**What is required:** For the listing below, output exactly the lines from the line with "ratio_pow_close; [apply step_bounds_3|]|]." up to and including the line with "forall x y, continuous", and no other lines.

[Data shown — start]

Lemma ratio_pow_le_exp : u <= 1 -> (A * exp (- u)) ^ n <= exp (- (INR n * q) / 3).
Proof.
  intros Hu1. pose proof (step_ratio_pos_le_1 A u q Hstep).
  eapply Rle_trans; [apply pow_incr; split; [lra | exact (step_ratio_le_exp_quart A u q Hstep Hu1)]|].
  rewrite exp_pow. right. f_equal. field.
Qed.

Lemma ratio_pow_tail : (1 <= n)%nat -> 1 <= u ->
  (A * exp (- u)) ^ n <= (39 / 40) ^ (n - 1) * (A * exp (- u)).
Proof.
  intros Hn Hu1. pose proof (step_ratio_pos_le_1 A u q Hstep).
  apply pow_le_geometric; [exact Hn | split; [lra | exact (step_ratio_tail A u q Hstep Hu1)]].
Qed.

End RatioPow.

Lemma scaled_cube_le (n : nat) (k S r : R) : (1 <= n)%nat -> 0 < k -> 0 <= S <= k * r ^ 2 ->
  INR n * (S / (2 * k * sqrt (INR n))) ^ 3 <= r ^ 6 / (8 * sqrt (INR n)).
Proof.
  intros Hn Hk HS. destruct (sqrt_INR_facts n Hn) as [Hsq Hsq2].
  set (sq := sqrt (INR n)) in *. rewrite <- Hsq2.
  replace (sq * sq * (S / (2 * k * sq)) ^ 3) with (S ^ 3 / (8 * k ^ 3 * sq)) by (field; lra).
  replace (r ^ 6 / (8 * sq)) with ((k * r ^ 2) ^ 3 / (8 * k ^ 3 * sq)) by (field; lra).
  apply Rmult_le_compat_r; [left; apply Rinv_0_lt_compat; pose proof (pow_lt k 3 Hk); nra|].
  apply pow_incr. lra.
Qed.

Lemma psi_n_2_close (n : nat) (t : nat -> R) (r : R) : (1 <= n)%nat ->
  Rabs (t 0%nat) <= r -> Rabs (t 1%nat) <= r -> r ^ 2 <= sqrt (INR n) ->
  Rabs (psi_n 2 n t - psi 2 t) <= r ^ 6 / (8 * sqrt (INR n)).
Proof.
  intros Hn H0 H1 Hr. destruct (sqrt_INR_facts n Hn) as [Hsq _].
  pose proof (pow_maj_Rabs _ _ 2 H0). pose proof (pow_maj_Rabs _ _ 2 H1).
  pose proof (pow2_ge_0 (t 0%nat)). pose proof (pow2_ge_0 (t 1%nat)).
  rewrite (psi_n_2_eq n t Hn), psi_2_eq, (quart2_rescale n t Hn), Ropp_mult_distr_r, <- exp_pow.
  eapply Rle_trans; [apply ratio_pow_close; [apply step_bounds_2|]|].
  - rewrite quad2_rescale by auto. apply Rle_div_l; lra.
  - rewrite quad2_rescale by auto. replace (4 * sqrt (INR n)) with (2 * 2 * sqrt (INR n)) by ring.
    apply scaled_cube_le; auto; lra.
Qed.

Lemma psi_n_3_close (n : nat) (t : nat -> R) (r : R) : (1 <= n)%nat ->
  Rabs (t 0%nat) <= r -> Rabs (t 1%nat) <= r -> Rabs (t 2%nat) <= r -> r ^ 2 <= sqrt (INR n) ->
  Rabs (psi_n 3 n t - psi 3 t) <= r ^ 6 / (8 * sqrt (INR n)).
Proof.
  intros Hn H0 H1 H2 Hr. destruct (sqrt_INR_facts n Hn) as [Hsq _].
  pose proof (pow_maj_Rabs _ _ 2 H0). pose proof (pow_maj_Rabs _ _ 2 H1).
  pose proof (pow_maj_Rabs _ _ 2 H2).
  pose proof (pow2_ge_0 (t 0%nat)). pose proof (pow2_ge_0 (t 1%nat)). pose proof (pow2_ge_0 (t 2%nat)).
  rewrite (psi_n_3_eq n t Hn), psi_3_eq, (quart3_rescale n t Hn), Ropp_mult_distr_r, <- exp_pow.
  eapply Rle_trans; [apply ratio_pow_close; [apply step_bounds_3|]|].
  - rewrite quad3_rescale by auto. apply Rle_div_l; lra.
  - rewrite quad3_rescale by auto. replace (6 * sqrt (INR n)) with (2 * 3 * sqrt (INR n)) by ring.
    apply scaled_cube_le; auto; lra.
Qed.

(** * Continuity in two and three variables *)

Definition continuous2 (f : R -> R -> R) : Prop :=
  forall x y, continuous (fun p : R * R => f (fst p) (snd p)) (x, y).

[Data shown — finish]
[Data shown — start]

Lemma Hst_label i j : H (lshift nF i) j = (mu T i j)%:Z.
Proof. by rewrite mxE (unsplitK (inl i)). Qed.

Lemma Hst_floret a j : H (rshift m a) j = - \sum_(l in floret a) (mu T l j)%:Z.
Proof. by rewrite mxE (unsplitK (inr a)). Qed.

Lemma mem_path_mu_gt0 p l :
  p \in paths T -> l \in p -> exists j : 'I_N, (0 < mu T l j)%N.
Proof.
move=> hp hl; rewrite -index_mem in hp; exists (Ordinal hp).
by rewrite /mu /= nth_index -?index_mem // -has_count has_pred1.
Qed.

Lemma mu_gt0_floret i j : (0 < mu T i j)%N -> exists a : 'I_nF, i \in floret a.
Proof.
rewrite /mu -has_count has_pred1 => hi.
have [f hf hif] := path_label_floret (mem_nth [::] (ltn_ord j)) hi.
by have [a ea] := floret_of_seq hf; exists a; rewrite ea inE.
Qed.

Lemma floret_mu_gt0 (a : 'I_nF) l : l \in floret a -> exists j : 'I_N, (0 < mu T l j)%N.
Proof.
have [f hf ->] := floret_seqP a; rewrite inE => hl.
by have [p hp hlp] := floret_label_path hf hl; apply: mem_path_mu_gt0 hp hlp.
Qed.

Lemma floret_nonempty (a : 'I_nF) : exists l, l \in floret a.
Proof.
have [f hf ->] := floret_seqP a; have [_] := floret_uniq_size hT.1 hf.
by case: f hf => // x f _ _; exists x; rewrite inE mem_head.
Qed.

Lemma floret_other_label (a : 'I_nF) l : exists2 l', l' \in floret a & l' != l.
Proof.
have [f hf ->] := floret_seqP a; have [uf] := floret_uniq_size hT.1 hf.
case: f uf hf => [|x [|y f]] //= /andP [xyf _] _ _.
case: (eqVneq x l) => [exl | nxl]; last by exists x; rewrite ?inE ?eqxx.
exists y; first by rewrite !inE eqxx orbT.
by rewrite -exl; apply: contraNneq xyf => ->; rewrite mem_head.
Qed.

[Data shown — finish]
[Data shown — start]

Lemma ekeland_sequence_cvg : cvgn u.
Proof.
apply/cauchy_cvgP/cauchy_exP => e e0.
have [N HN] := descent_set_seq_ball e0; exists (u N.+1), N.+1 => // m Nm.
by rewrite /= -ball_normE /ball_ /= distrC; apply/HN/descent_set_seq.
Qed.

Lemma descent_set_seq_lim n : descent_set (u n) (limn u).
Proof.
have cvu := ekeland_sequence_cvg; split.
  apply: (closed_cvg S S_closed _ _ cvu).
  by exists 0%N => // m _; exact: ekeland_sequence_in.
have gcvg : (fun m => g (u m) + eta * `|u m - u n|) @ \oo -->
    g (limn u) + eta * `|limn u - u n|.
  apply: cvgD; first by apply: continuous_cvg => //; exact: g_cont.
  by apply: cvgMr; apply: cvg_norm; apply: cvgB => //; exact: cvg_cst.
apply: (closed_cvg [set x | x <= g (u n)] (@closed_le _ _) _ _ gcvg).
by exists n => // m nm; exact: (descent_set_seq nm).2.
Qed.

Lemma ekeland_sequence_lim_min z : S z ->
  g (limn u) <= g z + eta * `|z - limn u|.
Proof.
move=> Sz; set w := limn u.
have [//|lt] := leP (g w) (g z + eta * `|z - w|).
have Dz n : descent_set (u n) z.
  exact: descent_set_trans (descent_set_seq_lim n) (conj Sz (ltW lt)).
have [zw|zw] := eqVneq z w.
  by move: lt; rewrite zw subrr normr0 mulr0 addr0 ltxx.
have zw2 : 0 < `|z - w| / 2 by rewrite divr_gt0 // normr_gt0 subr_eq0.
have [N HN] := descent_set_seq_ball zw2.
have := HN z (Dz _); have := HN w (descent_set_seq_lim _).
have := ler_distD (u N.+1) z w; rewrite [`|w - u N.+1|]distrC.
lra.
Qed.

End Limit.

[Data shown — finish]

**Reply:**
  eapply Rle_trans; [apply ratio_pow_close; [apply step_bounds_3|]|].
  - rewrite quad3_rescale by auto. apply Rle_div_l; lra.
  - rewrite quad3_rescale by auto. replace (6 * sqrt (INR n)) with (2 * 3 * sqrt (INR n)) by ring.
    apply scaled_cube_le; auto; lra.
Qed.

(** * Continuity in two and three variables *)

Definition continuous2 (f : R -> R -> R) : Prop :=
  forall x y, continuous (fun p : R * R => f (fst p) (snd p)) (x, y).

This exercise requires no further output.